The way it sounds now is that the house will be his when mother passes (it is his now).
 

navy95

Junior Member
My only concern is that you were thinking of using a POA to accomplish much of what you are talking about. I don't know where Colorado law stands on this, but an agent under a POA making testamentary changes is skating on thin ice.
You were correct--we were considering the POA as a vehicle to do much of this. Not that we want to railroad my mother, but that it's easier. But we don't want to skate on any thin ice. I'm fine with having my mother go through the paperwork drill. Can you explain what a 'testamentary change' is?
 

navy95

Junior Member
What does brother say about the house? Communication is so important. It is amazing how some people turn into the devil after someone dies. You should make every effort to get this straightened out before mother passes. It might take changing the percentages on the beneficiary list for the POD accounts. If this is not adjusted now it could create serious family problems later. Don't count on brother to be a "stand-up guy". He might be economically forced to NOT be that guy. Get this cleared up immediately.

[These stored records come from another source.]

Theorem theorem2 (R : realDomainType) (k m : nat) (f : nat -> nat)
    (H L : R) (T : seq R) :
  (0 < k)%N -> (0 < m)%N ->
  (forall a b : nat, (a <= b)%N -> (f b <= f a)%N) ->
  0 <= H -> H < L ->
  size T = (k * m)%N ->
  all (fun s => (s == H) || (s == L)) T ->
  let x := algorithm1 (nseq k m) T in
  valid_scheme k m (k * m) x /\
  (forall y : seq nat, valid_scheme k m (k * m) y ->
     total_cost f T x <= total_cost f T y).
Proof.
move=> _ _ hf H0 HL hT hHL x.
have [hsz0 hs0 hsum0] := nseq_caps k m; rewrite -hT in hsum0.
have [hszx hfx] := algorithm_fills hsz0 hs0 hsum0.
split; first by apply: fills_valid_scheme => //; rewrite -hT; exact: hszx.
move=> y /valid_scheme_fills [hszy hfy]; rewrite -hT in hszy.
apply: (total_cost_le_of_layers hf HL hHL hszx hfx hszy hfy) => c.
apply: leq_trans (high_L_count_algorithm_le_potential H0 HL c hsz0 hs0 hsum0 hHL) _.
exact: potential_le_high_L_count hszy hfy.
Qed.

The way it sounds now is that the house will be his when mother passes (it is his now).
It has been discussed only in generalities. And I've heard stories about how bad things can go, and I'd like to say that we're not like that, but I'm guessing plenty of backstabbing happens by people that said the same thing. In any case, brother understands (at this point in time, anyway) that the money is not 'his.' And you're right---I should draft the POD paperwork to factor out as much of mom's equity as possible--he will likely be more amenable to this now than later. This whole thing will require much discussion, and one of those discussions will no doubt be the uncomfortable sit-down with him to talk about exactly how to account for that money. Good times.
 

curb1

Senior Member
1) Do you have an accurate number for "Mom's equity"? It is important to reconstruct the deal very accurately (no guessing allowed).

2) Who is living in the house at this time?

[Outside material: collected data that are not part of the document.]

(* Let $p$ be an odd prime and $k\ge1$. For $0\le l<p^k$, $$\mathcal M_{V_{2,l}}=\begin{cases}\frac{p-1}{2}(2p+1), & l<\frac{p^k-1}{2},\\[2pt] \frac{p-1}{2}(2p-1), & l\ge\frac{p^k-1}{2}.\end{cases}$$
   Context: Fix an odd prime $p$ and an integer $k\ge 0$. For integers $0\le i<n$ write $\lambda(n,i)=(n-i,1^i)$ for the hook partition of $n$ with $n-i$ boxes in its first row and $i$ further boxes in its first column. If $\mu=\lambda(n',i')$ is obtained from $\lambda(n,i)$ by appending $m=(n'-i')-(n-i)\ge 0$ boxes to the first row and $n''=i'-i\ge 0$ boxes to the first column, we say $\mu$ is obtained by adding the block $B_{m,n''}$ ($m$ horizontal nodes, $n''$ vertical nodes). Put $x_s=p^k(sp-(s+1))$. The relevant part (''column $k$'') of the $p$-Bratteli diagram is the graded directed graph with vertices: on floor $2k+1$, $S_i=\lambda(p^k(p-1),i)$ for $0\le i<p^k(p-1)$; on floor $2(k+s)$ ($s\ge1$), $V_{s,l}=\lambda\big(p^k(2sp-(2s+1)),\,x_s+l\big)$ for $0\le l<p^k$; on floor $2(k+s)-1$ ($s\ge2$), $W_{s,l'}=\lambda\big(p^k((2s-1)p-2s),\,x_{s-1}+l'\big)$ for $0\le l'<p^{k+1}$; and edges, each labelled by the block added: (E1) $S_i\to V_{1,l}$ exactly when $i=p^kt+l$ with $0\le t\le p-2$, block $B_{p^kt,\,p^k(p-2-t)}$; (E2) for $s\ge2$, $0\le l<p^k$, $0\le\beta\le p-1$: $V_{s-1,l}\to W_{s,pl+\beta}$, block $B_{p^k(p-1)-((p-1)l+\beta),\,(p-1)l+\beta}$; (E3) for $s\ge 2$, $0\le l'<p^{k+1}$ and $t=\lfloor l'/p^k\rfloor$: $W_{s,l'}\to V_{s,l'-p^kt}$, block $B_{p^kt,\,p^k(p-1-t)}$. A path ending at a vertex $v$ is a sequence of edges starting at some $S_i$ and going up one floor at a time to $v$ ($S_i\to V_{1,\cdot}\to W_{2,\cdot}\to V_{2,\cdot}\to W_{3,\cdot}\to\cdots\to v$); $\mathcal P(v)$ is the set of all paths ending at $v$. The blocks of a path are numbered $B^2,B^3,\dots,B^N$: $B^2$ is the block of the edge leaving $S_i$, and for $j\ge2$, $B^{2j-1}$ is the block of the edge into $W_{j,\cdot}$ and $B^{2j}$ the block of the edge into $V_{j,\cdot}$. Write $B^j=B_{m_j,n_j}$. Descents: $1\in\mathrm{Des}(P)$ iff $m_2=p^kt$ with $0\le t<\frac{p-1}{2}$; $2\notin\mathrm{Des}(P)$; for $3\le j<N$, $j\in\mathrm{Des}(P)$ iff $m_j>m_{j+1}$ and $n_j<n_{j+1}$. $\mathrm{des}(P)=|\mathrm{Des}(P)|$. The $p^k$-Fibonacci number of a vertex $v$ is $\mathcal M_v=\sum_{P\in\mathcal P(v)}\mathrm{des}(P)$. *)

From mathcomp Require Import all_boot.

Set Implicit Arguments.
Unset Strict Implicit.
Unset Printing Implicit Defensive.

(* Column k of the p-Bratteli diagram.  Vertices are represented by their
   index: S_i by i, V_{s,l} by l, W_{s,l'} by l' (the floor is determined by
   the position in a path).  Between two vertices there is at most one edge,
   so a path is determined by its sequence of vertices. *)

(* (E1)  S_i -> V_{1,l} *)
Definition edge1 (p k i l : nat) : bool :=
  [&& i < p ^ k * (p - 1), l < p ^ k &
      [exists t : 'I_(p - 1), i == p ^ k * t + l]].

(* (E2)  V_{s-1,l} -> W_{s,w} *)
Definition edge2 (p k l w : nat) : bool :=
  [&& l < p ^ k, w < p ^ k.+1 & [exists b : 'I_p, w == p * l + b]].

(* (E3)  W_{s,w} -> V_{s,l} *)
Definition edge3 (p k w l : nat) : bool :=
  [&& w < p ^ k.+1, l < p ^ k & l == w - p ^ k * (w %/ p ^ k)].

(* A path ending at V_{s,l}, as the vertex-index sequence
   x = [:: i; l_1; w_2; l_2; w_3; l_3; ...; w_s; l_s]  (size 2s), where
   x_0 = S index, x_(2j-1) = V_j index, x_(2j) = W_(j+1) index. *)
Definition is_path (p k s l : nat) (x : seq nat) : bool :=
  [&& 0 < s, size x == 2 * s,
      edge1 p k (nth 0 x 0) (nth 0 x 1),
      all (fun j => edge2 p k (nth 0 x (2 * j - 1)) (nth 0 x (2 * j))
                    && edge3 p k (nth 0 x (2 * j)) (nth 0 x (2 * j + 1)))
          (iota 1 (s - 1))
    & nth 0 x (2 * s - 1) == l].

(* The block B^J = B_{m_J, n_J} (2 <= J <= N = size x) is the label of the
   edge from x_(J-2) to x_(J-1). *)
Definition block (p k : nat) (x : seq nat) (J : nat) : nat * nat :=
  let a := nth 0 x (J - 2) in
  let b := nth 0 x (J - 1) in
  if J == 2 then
    let t := a %/ p ^ k in (p ^ k * t, p ^ k * (p - 2 - t))
  else if odd J then
    let beta := b - p * a in
    (p ^ k * (p - 1) - ((p - 1) * a + beta), (p - 1) * a + beta)
  else
    let t := a %/ p ^ k in (p ^ k * t, p ^ k * (p - 1 - t)).

Definition mblk p k x J := (block p k x J).1.
Definition nblk p k x J := (block p k x J).2.

Definition in_Des (p k : nat) (x : seq nat) (j : nat) : bool :=
  if j == 1 then 2 * (nth 0 x 0 %/ p ^ k) < p - 1
  else if j == 2 then false
  else [&& 3 <= j, j < size x,
           mblk p k x j > mblk p k x j.+1 & nblk p k x j < nblk p k x j.+1].

Definition Des (p k : nat) (x : seq nat) : seq nat :=
  [seq j <- iota 1 (size x - 1) | in_Des p k x j].

Definition des (p k : nat) (x : seq nat) : nat := size (Des p k x).

(* p^k-Fibonacci number of V_{s,l}: sum of des over all paths ending at
   V_{s,l}.  All vertex indices are < p^(k+1), so enumerating (2s)-tuples of
   'I_(p^(k+1)) covers every path exactly once. *)
Definition fibV (p k s l : nat) : nat :=
  \sum_(x : (2 * s).-tuple 'I_(p ^ k.+1) | is_path p k s l (map val x))
     des p k (map val x).

From mathcomp Require Import all_boot zify.

(* A path ending at V_{2,l} is determined by the integers a < p-1 and b < p
   labelling its first and third blocks: its W-vertex is w = l + p^k b, its
   V_1-vertex is w div p and its S-vertex is p^k a + w div p.  Position 1 is a
   descent iff a < (p-1)/2, position 2 never is, and since m_3 + n_3 = m_4 + n_4
   = p^k (p-1), position 3 is a descent iff n_3 + p^k b < p^k (p-1).  Writing
   p = 2h+1 and n_3 = 2h(l div p) + (l mod p) + 2h p^(k-1) b, this inequality
   is decided by comparing b with h, and in the boundary case b = h it reduces
   to l < (p^k - 1)/2.  Summing over the p(p-1) pairs (a, b) gives the formula. *)

Lemma divn_mulDl_small d a x : x < d -> (d * a + x) %/ d = a.
Proof. by move=> x_lt; rewrite mulnC divnMDl ?divn_small ?addn0 //; lia. Qed.

Lemma oddE n : odd n -> n = n./2.*2.+1.
Proof. by move=> n_odd; rewrite -[LHS]odd_double_half n_odd. Qed.

Lemma sum_tuples_codom m n (P : pred (seq nat)) (F : seq nat -> nat)
    (I : finType) (f : I -> seq nat) :
  injective f ->
  (forall s, [&& size s == n, all (fun x => x < m) s & P s] = (s \in codom f)) ->
  \sum_(x : n.-tuple 'I_m | P (map val x)) F (map val x) = \sum_(i : I) F (f i).
Proof.
move=> f_inj codomE.
rewrite -(big_image _ _ (fun x : n.-tuple 'I_m => map val x) (fun x => P (map val x))).
rewrite -(big_image _ _ f predT); apply: perm_big; apply: uniq_perm.
- by rewrite map_inj_uniq ?enum_uniq // => x y /(inj_map val_inj)/val_inj.
- by rewrite map_inj_uniq ?enum_uniq.
move=> s; rewrite -codomE; apply/imageP/and3P => [[x Px ->]|[/eqP sz_s lt_s Ps]].
  by rewrite size_map size_tuple all_map; split=> //; apply/allP => i _ /=.
have ordsK : map val (pmap insub s : seq 'I_m) = s.
  rewrite (pmap_filter (@insubK _ _ _)); apply/all_filterP.
  by rewrite (eq_all (@isSome_insub _ _ _)).
have sz : size (pmap insub s : seq 'I_m) == n by rewrite -(size_map val) ordsK sz_s.
by exists (Tuple sz); rewrite ?unfold_in /= ordsK.
Qed.

Lemma sum_ord_lt n c : \sum_(i < n) (i < c) = minn c n.
Proof.
elim: n => [|n IHn]; first by rewrite big_ord0 minn0.
by rewrite big_ord_recr /= IHn; case: (ltnP n c) => ? /=; lia.
Qed.

Lemma sum_pair_ord_lt m n c d :
  \sum_(ab : 'I_m * 'I_n) ((ab.1 < c) + (ab.2 < d)) = minn c m * n + m * minn d n.
Proof.
rewrite -(pair_bigA _ (fun (a : 'I_m) (b : 'I_n) => (a < c) + (b < d))) /=.
under eq_bigr do rewrite big_split /= sum_nat_const card_ord sum_ord_lt.
rewrite big_split /= -big_distrr sum_ord_lt sum_nat_const card_ord.
by congr (_ + _); apply: mulnC.
Qed.

Lemma half_threshold h q a r : 0 < h -> a <= q.*2 -> r <= h.*2 ->
  (h.*2 * a + r < h * q.*2.+1) = (h.*2.+1 * a + r < h * q.*2.+1 + q).
Proof.
move=> h_gt0 a_le r_le; case: (ltngtP a q) => [a_lt|a_gt|->].
- have : h.*2 * a <= h.*2 * q.-1 by rewrite leq_mul2l; lia.
  nia.
- have : h.*2 * q.+1 <= h.*2 * a by rewrite leq_mul2l; lia.
  nia.
- nia.
Qed.

Lemma descent_threshold_double h Q n b : 0 < h -> 0 < Q -> n <= h.*2 * Q -> b <= h.*2 ->
  (n + h.*2 * Q * b + h.*2.+1 * Q * b < h.*2.+1 * Q * h.*2) = (b < h + (n < h * Q)).
Proof.
move=> h_gt0 Q_gt0 n_le b_le.
have -> : n + h.*2 * Q * b + h.*2.+1 * Q * b = n + Q * b * ((4 * h).+1) by lia.
have -> : h.*2.+1 * Q * h.*2 = Q * h * (4 * h) + Q * h.*2 by lia.
case: (ltngtP b h) => [b_lt|b_gt|->].
- have : Q * b <= Q * h.-1 by rewrite leq_mul2l; lia.
  nia.
- have : Q * h.+1 <= Q * b by rewrite leq_mul2l; lia.
  nia.
- nia.
Qed.

Lemma descent_threshold p Q a r b : odd p -> 1 < p -> odd Q ->
    a < Q -> r < p -> b < p ->
  ((p - 1) * (a + Q * b) + r + p * Q * b < p * Q * (p - 1))
    = (b < (p - 1) %/ 2 + (a * p + r < (p * Q - 1) %/ 2)).
Proof.
move=> /oddE p_eq p_gt1 /oddE Q_eq a_lt r_lt b_lt.
move: p./2 (Q./2) p_eq Q_eq => h q p_eq Q_eq; subst p.
have h_gt0 : 0 < h by lia.
have -> : h.*2.+1 - 1 = h.*2 by lia.
have -> : h.*2 %/ 2 = h by lia.
have -> : (h.*2.+1 * Q - 1) %/ 2 = h * Q + q by rewrite Q_eq; nia.
have -> : a * h.*2.+1 = h.*2.+1 * a by apply: mulnC.
have a_le : a <= q.*2 by lia.
have r_le : r <= h.*2 by lia.
rewrite Q_eq -half_threshold // -Q_eq.
rewrite -(descent_threshold_double h Q (h.*2 * a + r) b) //.
- by congr (_ < _); lia.
- by rewrite Q_eq.
- by nia.
Qed.

Lemma des_path4 p k i v w l : des p k [:: i; v; w; l] =
  (2 * (i %/ p ^ k) < p - 1) +
  [&& p ^ k * (w %/ p ^ k) < p ^ k * (p - 1) - ((p - 1) * v + (w - p * v))
    & (p - 1) * v + (w - p * v) < p ^ k * (p - 1 - w %/ p ^ k)].
Proof.
rewrite /des /Des /= /in_Des /= /mblk /nblk /block /=.
by case: (2 * _ < _); case: (_ && _).
Qed.

Section PathsToV2.

Variables p k l : nat.
Hypotheses (p_odd : odd p) (p_gt1 : 1 < p) (k_gt0 : 0 < k) (l_lt : l < p ^ k).

Local Notation P := (p ^ k).
Local Notation Q := (p ^ k.-1).

Definition V2path a b : seq nat :=
  let w := l + P * b in [:: P * a + w %/ p; w %/ p; w; l].

Let P_eq : P = p * Q. Proof. by rewrite -expnS prednK. Qed.
Let Q_gt0 : 0 < Q. Proof. by rewrite expn_gt0; lia. Qed.
Let P_gt0 : 0 < P. Proof. by rewrite expn_gt0; lia. Qed.

Lemma V2_divp b : (l + P * b) %/ p = l %/ p + Q * b.
Proof. by rewrite P_eq -mulnA mulnC addnC divnMDl; lia. Qed.

Lemma V2_modp b : l + P * b - p * ((l + P * b) %/ p) = l %% p.
Proof. by rewrite V2_divp P_eq; have := divn_eq l p; lia. Qed.

Let l_divp_lt : l %/ p < Q.
Proof. by rewrite ltn_divLR 1?mulnC -?P_eq //; lia. Qed.

Lemma V2_divp_lt {b} : b < p -> (l + P * b) %/ p < P.
Proof. by move=> b_lt; rewrite V2_divp P_eq; nia. Qed.

Lemma V2_lt {b} : b < p -> l + P * b < p ^ k.+1.
Proof. by move=> b_lt; rewrite expnS mulnC; nia. Qed.

Lemma V2_divP b : (l + P * b) %/ P = b.
Proof. by rewrite addnC divn_mulDl_small. Qed.

Lemma V2path_inj a b a' b' : b < p -> b' < p ->
  V2path a b = V2path a' b' -> a = a' /\ b = b'.
Proof.
rewrite /V2path => b_lt b'_lt [eq0 _ eq2].
have eq_b : b = b' by rewrite -(V2_divP b) eq2 V2_divP.
subst b'; split=> //.
by apply/eqP; rewrite -(eqn_pmul2l P_gt0); apply/eqP; lia.
Qed.

Lemma is_path_V2P x :
  reflect (exists a b, [/\ a < p - 1, b < p & x = V2path a b]) (is_path p k 2 l x).
Proof.
apply: (iffP idP) => [|[a [b [a_lt b_lt ->]]]].
  case: x => [|x0 [|x1 [|x2 [|x3 []]]]] //.
  rewrite /is_path /edge1 /edge2 /edge3 /= andbT.
  move=> /and3P [/and3P [_ _ /existsP [t /eqP x0E]]].
  move=> /andP [/and3P [_ x2_lt /existsP [c /eqP x2E]] /and3P [_ _ /eqP x3E]] /eqP x3l.
  have x2_divP : x2 %/ P < p.
    by move: x2_lt; rewrite expnS ltn_divLR // mulnC.
  have x2_eq : l + P * (x2 %/ P) = x2 by have := divn_eq x2 P; lia.
  have x2_divp : x2 %/ p = x1 by rewrite x2E divn_mulDl_small.
  by exists t, (x2 %/ P); split=> //; rewrite /V2path x2_eq x2_divp -x0E x3l.
have w_divp_lt := V2_divp_lt b_lt.
rewrite /is_path /edge1 /edge2 /edge3 /= w_divp_lt V2_lt // V2_divP l_lt /= andbT.
rewrite addnK !eqxx !andbT; apply/andP; split; first (apply/andP; split).
- by nia.
- by apply/existsP; exists (Ordinal a_lt).
- apply/existsP; exists (Ordinal (ltn_pmod (l + P * b) (ltnW p_gt1))).
  by rewrite /= {1}(divn_eq (l + P * b) p) mulnC.
Qed.

Lemma des_V2path a b : b < p ->
  des p k (V2path a b) = (a < (p - 1) %/ 2) + (b < (p - 1) %/ 2 + (l < (P - 1) %/ 2)).
Proof.
move=> b_lt; rewrite /V2path des_path4 divn_mulDl_small ?V2_divp_lt // V2_divP V2_modp.
congr (_ + _); first by congr nat_of_bool; apply/idP/idP; lia.
set n := (p - 1) * _ + _.
have -> : [&& P * b < P * (p - 1) - n & n < P * (p - 1 - b)] = (n + P * b < P * (p - 1)).
  by rewrite (mulnBr P (p - 1) b); apply/andP/idP => [[]|]; lia.
rewrite /n V2_divp P_eq descent_threshold ?oddX ?p_odd ?orbT ?ltn_pmod ?(ltnW p_gt1) //.
by rewrite -divn_eq.
Qed.

Lemma V2path_lt a b : a < p - 1 -> b < p -> all (fun v => v < p ^ k.+1) (V2path a b).
Proof.
move=> a_lt b_lt; have w_divp_lt := V2_divp_lt b_lt.
have Pa_lt : P * a.+1 <= p ^ k.+1 by rewrite expnS mulnC leq_mul2r; lia.
have P_lt : P < p ^ k.+1 by rewrite ltn_exp2l.
by rewrite /= V2_lt //= andbT; apply/and3P; split; have := mulnS P a; lia.
Qed.

Lemma fibV2 :
  fibV p k 2 l = (p - 1) %/ 2 * p + (p - 1) * ((p - 1) %/ 2 + (l < (P - 1) %/ 2)).
Proof.
rewrite /fibV (@sum_tuples_codom _ _ _ _ _ (fun ab : 'I_(p - 1) * 'I_p => V2path ab.1 ab.2)).
- rewrite (eq_bigr _ (fun (ab : 'I_(p - 1) * 'I_p) _ => des_V2path ab.1 ab.2 (ltn_ord ab.2))).
  by rewrite sum_pair_ord_lt; congr (_ * _ + _ * _); lia.
- move=> [a b] [a' b'] /= /V2path_inj [] // a_eq b_eq.
  by congr (_, _); apply: val_inj.
move=> x; apply/and3P/codomP => [[_ _ /is_path_V2P [a [b [a_lt b_lt ->]]]]|[[a b] ->]].
  by exists (Ordinal a_lt, Ordinal b_lt).
split; [by [] | exact: V2path_lt | by apply/is_path_V2P; exists a, b].
Qed.

End PathsToV2.

Theorem mainTheorem4 (p k l : nat) :
  prime p -> odd p -> 1 <= k -> l < p ^ k ->
  fibV p k 2 l =
    (if l < (p ^ k - 1) %/ 2 then (p - 1) %/ 2 * (2 * p + 1)
     else (p - 1) %/ 2 * (2 * p - 1)).
Proof.
move=> p_prime p_odd k_gt0 l_lt; rewrite fibV2 ?prime_gt1 //.
have [h ->] : exists h, p = h.*2.+1 by exists p./2; exact: oddE.
have -> : (h.*2.+1 - 1) %/ 2 = h by lia.
by case: (l < _); lia.
Qed.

3) Does Mom and brother consider this a loan? Or, was this considered a gift by Mom? Right now it is a gift to brother.
 

navy95

Junior Member
- The house equity is $100k. Money was gifted to brother, who I doubt paid any taxes on it.
- House at this time is vacant--Mom recently moved into a full-time care facility.
- I don't think the money was ever considered a loan. Both Brother and Mom lived in the house full-time for years. Then brother met someone, got married, and only spent time in the house sporadically, while Mom remained in the house until recently.
 

LdiJ

Senior Member
- The house equity is $100k. Money was gifted to brother, who I doubt paid any taxes on it.
- House at this time is vacant--Mom recently moved into a full-time care facility.
- I don't think the money was ever considered a loan. Both Brother and Mom lived in the house full-time for years. Then brother met someone, got married, and only spent time in the house sporadically, while Mom remained in the house until recently.
Then maybe now is the time to convince your brother that the house should be sold and mom's equity pulled out.
 

anteater

Senior Member
Can you explain what a 'testamentary change' is?
Generally, any type of change that has to do with how the principal's estate will be administered and/or distributed when the principal passes away.

In your case, I intended to refer specifically to the beneficiary designations for the IRA and bank accounts.

First, there is too high a potential for a brouhaha down the road among the beneficiaries and heirs when an agent under a POA uses his/her authority to make changes. Second, you might find that the IRA custodian and the financial institutions are reluctant to accept such changes for fear that they will later be sucked into a family feud. (Heck, they are often reluctant to accept an agent's authority at all.)

You said that you will be retaining an estate planning attorney and, I assume, that means for creation and execution of the POA document. Be certain that you discuss this aspect with that attorney so that the POA document contains language giving you the authority to make these kinds of changes.